→ **Records shown**
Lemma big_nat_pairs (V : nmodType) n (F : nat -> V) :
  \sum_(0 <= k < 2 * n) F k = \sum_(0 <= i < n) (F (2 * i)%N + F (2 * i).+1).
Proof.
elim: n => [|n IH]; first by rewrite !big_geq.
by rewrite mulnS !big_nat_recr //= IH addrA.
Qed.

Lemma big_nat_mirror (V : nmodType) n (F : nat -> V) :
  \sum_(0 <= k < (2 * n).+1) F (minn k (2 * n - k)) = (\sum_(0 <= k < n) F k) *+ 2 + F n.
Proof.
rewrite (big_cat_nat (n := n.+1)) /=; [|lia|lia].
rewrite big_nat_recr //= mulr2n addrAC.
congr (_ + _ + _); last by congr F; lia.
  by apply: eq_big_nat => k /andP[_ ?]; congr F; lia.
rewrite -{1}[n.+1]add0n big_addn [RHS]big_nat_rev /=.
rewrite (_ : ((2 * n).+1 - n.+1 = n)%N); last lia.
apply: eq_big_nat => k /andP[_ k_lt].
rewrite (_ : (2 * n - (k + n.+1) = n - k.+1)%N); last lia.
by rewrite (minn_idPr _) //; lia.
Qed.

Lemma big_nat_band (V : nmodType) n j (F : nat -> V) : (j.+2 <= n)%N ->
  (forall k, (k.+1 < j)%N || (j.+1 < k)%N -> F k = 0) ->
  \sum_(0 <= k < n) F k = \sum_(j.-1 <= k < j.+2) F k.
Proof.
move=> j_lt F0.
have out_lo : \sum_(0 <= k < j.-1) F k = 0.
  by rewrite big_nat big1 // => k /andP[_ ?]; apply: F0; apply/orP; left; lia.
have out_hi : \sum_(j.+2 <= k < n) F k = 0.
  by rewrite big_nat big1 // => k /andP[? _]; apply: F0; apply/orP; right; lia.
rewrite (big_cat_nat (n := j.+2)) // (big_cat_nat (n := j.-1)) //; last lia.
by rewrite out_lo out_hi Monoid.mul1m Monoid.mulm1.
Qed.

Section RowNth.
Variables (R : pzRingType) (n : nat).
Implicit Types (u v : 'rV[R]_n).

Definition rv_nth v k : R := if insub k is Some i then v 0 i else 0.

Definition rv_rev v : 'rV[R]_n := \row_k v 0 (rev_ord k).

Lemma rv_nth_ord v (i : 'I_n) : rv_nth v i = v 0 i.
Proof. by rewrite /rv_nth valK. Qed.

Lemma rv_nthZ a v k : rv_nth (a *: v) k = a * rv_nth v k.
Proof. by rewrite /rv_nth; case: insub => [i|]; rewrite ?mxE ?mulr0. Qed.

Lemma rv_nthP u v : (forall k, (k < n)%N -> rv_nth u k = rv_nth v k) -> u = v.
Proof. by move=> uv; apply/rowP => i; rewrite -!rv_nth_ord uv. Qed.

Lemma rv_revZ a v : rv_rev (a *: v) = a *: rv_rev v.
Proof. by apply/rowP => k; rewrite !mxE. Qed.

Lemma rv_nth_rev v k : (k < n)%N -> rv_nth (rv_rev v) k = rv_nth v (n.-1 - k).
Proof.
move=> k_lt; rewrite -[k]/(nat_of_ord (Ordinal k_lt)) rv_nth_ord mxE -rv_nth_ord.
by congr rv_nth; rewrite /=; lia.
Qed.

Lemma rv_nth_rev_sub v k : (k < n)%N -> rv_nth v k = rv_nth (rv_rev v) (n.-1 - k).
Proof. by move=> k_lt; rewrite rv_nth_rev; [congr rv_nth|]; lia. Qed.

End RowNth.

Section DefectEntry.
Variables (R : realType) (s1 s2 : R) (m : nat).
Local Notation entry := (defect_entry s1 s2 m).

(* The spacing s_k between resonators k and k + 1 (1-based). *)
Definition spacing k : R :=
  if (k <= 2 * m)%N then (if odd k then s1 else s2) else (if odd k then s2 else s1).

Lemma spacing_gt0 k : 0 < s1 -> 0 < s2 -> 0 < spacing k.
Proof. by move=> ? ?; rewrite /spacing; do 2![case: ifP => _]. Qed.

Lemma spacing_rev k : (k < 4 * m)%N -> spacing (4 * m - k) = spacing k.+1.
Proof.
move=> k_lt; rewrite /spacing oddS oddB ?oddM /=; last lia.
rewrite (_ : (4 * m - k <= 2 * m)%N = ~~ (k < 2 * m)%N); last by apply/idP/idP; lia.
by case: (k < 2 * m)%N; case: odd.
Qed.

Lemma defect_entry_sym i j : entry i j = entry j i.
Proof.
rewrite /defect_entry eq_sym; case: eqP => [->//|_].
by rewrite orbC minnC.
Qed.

--

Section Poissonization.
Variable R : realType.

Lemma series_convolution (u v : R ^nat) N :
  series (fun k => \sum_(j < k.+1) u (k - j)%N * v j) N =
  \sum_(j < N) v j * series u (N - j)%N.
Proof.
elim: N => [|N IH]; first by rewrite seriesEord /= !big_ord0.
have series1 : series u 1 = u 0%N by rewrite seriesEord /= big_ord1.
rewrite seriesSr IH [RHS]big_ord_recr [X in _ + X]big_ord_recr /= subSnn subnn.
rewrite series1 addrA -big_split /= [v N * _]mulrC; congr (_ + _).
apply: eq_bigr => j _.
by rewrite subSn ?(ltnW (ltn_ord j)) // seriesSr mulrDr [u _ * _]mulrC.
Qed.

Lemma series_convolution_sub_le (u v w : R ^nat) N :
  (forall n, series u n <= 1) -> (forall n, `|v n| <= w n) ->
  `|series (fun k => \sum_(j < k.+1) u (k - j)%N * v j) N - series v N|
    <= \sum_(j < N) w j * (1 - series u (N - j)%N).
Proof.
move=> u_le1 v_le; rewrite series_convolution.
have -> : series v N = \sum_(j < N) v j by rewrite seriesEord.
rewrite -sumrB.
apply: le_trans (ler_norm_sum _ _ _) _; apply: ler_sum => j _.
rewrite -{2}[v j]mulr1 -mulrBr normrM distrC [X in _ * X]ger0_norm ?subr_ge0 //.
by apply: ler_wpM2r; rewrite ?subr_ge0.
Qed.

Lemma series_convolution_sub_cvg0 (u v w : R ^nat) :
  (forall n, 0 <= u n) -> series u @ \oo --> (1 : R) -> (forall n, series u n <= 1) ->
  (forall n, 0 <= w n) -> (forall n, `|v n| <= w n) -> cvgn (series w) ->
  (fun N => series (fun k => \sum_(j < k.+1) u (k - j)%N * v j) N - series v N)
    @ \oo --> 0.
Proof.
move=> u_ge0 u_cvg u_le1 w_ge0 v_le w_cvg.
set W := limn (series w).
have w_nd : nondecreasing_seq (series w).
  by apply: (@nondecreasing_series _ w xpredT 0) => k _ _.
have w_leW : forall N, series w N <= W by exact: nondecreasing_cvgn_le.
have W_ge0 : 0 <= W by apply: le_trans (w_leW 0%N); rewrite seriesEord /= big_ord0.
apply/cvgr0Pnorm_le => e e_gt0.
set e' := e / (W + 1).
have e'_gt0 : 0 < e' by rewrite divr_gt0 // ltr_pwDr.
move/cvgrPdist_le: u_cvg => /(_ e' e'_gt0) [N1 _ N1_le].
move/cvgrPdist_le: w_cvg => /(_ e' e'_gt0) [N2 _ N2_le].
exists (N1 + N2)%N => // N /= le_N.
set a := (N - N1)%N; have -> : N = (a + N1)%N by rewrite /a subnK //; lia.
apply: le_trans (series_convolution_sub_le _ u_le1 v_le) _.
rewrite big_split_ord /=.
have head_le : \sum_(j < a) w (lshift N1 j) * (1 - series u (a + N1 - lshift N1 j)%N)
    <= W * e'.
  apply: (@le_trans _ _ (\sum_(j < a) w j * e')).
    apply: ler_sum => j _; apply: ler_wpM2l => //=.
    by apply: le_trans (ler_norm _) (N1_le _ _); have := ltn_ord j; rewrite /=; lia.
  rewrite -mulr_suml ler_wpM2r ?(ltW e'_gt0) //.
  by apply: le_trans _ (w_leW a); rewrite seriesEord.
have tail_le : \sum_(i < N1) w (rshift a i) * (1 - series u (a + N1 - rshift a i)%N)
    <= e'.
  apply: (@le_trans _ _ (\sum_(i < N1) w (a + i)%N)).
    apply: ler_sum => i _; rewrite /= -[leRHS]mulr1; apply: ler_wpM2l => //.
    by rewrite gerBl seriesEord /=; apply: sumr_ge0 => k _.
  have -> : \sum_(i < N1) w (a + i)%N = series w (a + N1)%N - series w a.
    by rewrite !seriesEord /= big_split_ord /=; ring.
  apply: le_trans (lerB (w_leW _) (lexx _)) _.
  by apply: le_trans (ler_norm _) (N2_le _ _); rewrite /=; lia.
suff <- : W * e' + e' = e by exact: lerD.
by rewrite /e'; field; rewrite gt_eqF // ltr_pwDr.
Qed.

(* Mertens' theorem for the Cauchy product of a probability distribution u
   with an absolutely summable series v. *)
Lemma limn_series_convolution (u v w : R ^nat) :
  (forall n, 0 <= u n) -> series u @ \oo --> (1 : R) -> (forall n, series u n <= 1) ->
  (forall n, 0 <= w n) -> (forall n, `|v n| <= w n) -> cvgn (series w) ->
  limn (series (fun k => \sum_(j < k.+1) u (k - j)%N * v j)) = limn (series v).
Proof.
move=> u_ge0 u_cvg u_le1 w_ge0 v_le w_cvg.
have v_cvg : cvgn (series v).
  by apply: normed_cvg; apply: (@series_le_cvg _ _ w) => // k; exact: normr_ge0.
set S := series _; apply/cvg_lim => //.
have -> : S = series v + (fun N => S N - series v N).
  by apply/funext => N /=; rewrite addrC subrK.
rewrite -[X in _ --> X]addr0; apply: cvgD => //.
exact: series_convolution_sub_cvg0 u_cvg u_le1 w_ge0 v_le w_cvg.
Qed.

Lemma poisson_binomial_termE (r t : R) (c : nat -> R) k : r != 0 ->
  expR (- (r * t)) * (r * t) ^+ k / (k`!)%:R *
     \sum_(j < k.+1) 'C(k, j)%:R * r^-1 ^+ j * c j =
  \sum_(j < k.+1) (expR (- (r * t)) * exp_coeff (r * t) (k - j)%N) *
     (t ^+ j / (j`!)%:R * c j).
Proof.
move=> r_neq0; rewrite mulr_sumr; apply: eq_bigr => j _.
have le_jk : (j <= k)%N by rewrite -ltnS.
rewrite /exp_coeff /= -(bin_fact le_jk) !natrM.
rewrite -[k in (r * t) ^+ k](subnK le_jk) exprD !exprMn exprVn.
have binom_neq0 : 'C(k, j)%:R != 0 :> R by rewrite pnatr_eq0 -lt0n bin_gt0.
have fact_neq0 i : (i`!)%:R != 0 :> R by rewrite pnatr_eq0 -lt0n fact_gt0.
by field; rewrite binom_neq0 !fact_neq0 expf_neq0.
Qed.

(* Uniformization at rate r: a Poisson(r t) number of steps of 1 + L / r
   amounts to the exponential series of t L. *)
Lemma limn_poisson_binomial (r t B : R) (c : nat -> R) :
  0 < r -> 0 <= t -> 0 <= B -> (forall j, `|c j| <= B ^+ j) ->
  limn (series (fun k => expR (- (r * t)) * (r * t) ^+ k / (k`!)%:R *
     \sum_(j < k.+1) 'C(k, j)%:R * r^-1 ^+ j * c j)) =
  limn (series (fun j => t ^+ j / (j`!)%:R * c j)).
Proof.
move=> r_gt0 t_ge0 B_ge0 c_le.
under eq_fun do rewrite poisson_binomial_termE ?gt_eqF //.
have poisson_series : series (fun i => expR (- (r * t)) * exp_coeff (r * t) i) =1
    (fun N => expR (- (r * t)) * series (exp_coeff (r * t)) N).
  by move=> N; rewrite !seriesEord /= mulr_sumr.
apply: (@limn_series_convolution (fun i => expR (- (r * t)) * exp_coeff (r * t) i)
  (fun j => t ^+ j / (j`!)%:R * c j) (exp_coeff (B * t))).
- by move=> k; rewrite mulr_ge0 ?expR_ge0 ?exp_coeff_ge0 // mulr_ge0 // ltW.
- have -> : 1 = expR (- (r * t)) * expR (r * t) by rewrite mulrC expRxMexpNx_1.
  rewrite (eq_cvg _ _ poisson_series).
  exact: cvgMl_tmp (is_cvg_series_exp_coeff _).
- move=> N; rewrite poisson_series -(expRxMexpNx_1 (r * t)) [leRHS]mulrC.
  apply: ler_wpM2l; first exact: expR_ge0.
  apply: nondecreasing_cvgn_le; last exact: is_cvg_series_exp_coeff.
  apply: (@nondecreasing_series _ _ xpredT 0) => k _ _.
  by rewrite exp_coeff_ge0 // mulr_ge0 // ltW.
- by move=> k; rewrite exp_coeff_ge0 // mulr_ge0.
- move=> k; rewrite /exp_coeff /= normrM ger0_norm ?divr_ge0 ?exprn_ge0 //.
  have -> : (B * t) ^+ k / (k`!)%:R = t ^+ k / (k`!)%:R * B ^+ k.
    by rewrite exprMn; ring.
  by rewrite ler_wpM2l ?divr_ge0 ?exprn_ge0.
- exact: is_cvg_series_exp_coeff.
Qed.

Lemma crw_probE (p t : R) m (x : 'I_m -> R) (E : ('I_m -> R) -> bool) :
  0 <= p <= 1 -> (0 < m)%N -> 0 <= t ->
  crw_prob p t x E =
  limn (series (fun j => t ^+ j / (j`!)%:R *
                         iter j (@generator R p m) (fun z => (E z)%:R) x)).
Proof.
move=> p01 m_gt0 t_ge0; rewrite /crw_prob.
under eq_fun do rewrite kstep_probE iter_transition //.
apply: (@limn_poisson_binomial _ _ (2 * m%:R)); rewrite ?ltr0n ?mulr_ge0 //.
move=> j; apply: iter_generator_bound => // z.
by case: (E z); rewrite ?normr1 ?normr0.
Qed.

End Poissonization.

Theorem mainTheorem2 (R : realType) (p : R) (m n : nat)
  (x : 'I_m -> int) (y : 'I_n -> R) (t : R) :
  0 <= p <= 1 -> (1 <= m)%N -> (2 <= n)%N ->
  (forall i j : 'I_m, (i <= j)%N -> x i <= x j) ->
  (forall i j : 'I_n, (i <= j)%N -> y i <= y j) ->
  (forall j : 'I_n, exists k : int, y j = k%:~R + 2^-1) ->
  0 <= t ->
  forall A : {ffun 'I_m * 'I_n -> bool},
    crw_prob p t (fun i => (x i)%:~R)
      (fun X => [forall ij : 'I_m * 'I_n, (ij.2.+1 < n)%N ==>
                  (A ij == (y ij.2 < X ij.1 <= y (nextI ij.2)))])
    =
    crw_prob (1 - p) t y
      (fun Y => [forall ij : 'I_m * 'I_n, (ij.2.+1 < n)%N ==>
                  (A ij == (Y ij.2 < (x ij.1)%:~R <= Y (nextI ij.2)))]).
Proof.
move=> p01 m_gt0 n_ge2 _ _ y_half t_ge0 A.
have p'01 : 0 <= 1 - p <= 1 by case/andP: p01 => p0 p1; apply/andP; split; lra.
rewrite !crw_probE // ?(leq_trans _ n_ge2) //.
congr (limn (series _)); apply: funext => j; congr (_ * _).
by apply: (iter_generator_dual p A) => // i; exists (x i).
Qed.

...

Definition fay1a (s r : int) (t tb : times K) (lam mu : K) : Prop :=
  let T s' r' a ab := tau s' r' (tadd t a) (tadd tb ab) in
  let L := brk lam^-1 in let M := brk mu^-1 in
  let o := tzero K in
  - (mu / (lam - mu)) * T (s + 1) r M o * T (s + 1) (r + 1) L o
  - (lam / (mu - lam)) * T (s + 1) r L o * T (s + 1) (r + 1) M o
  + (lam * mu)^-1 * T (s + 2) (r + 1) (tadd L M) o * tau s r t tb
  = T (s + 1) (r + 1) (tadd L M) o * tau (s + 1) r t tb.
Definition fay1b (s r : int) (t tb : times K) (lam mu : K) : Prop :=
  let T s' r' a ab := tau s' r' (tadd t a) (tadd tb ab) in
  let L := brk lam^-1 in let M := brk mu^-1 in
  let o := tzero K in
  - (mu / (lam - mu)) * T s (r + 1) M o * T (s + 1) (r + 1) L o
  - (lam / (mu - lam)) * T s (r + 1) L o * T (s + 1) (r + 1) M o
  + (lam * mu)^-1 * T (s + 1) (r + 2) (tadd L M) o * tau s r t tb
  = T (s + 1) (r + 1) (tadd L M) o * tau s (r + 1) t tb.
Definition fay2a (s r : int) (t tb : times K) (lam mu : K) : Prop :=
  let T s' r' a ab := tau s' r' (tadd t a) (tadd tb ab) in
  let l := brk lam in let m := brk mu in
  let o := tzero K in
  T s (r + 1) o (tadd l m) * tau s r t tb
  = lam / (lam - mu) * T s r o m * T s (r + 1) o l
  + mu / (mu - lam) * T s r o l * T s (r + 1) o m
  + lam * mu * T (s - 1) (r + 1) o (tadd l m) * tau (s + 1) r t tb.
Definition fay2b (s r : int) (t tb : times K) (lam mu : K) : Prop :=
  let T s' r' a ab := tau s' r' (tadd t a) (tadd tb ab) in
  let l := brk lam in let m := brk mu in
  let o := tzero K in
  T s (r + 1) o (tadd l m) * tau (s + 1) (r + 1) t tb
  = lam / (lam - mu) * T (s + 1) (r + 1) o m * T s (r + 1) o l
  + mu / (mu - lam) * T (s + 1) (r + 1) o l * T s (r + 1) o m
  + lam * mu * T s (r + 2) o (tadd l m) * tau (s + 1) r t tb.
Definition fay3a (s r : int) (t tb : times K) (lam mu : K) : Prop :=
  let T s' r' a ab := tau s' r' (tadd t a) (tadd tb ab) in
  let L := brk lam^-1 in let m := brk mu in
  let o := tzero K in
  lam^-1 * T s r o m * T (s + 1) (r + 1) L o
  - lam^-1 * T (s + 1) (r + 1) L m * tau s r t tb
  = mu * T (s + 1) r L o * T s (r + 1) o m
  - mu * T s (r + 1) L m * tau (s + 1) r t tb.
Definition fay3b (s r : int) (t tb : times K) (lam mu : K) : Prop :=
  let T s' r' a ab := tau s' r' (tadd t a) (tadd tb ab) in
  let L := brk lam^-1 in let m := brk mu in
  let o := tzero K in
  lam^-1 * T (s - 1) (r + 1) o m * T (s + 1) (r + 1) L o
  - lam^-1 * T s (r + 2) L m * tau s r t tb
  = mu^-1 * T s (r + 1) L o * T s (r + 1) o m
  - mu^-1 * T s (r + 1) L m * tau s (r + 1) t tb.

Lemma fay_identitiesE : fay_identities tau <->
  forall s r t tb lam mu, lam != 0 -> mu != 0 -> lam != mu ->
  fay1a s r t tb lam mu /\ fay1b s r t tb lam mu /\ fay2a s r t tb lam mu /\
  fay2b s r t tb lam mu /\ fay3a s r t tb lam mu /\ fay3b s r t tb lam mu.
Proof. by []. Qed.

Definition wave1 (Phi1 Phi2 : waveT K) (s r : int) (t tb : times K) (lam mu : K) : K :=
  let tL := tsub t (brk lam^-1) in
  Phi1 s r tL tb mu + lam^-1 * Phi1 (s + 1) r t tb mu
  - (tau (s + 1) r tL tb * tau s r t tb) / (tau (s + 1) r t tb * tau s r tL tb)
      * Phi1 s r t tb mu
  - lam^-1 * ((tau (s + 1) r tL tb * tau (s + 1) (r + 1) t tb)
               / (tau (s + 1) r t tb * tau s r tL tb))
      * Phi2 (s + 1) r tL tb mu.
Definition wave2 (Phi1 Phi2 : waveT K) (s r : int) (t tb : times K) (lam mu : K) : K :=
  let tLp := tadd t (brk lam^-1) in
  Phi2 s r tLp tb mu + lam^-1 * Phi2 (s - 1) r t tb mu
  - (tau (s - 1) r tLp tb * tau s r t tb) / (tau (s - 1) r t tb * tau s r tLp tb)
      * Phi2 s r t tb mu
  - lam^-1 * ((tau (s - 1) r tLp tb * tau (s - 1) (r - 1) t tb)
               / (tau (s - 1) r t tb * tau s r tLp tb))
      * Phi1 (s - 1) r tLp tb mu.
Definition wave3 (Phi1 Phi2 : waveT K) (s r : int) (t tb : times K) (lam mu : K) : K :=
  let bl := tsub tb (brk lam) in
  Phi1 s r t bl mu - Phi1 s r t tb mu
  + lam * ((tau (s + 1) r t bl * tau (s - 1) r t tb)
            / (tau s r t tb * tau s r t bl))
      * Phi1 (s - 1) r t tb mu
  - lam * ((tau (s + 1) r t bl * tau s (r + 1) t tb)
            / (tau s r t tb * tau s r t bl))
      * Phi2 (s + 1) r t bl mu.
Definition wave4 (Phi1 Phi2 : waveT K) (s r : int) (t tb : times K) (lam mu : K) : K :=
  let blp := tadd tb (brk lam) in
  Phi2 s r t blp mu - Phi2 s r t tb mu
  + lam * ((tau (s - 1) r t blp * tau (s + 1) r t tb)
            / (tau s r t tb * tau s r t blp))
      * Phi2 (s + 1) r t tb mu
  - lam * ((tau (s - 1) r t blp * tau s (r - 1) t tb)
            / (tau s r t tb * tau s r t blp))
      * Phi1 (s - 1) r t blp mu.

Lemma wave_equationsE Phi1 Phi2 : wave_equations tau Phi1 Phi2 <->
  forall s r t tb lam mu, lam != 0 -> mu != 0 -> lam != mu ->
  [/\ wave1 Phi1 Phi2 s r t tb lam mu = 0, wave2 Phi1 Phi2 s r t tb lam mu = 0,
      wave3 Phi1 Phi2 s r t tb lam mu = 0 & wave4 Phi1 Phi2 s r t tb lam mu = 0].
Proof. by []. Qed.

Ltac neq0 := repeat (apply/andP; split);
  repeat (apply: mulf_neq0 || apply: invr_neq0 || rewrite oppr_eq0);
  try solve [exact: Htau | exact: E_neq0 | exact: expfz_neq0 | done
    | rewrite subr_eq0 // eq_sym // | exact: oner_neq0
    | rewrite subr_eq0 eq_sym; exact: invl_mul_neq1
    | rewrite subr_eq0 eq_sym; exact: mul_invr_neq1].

→ **Task requirements**
From the line holding "let tLp := tadd t (brk lam^-1) in" to the line holding "r tLp tb mu.", inclusive, restate each line above exactly as written.

→ **Your response**
  let tLp := tadd t (brk lam^-1) in
  Phi2 s r tLp tb mu + lam^-1 * Phi2 (s - 1) r t tb mu
  - (tau (s - 1) r tLp tb * tau s r t tb) / (tau (s - 1) r t tb * tau s r tLp tb)
      * Phi2 s r t tb mu
  - lam^-1 * ((tau (s - 1) r tLp tb * tau (s - 1) (r - 1) t tb)
               / (tau (s - 1) r t tb * tau s r tLp tb))
      * Phi1 (s - 1) r tLp tb mu.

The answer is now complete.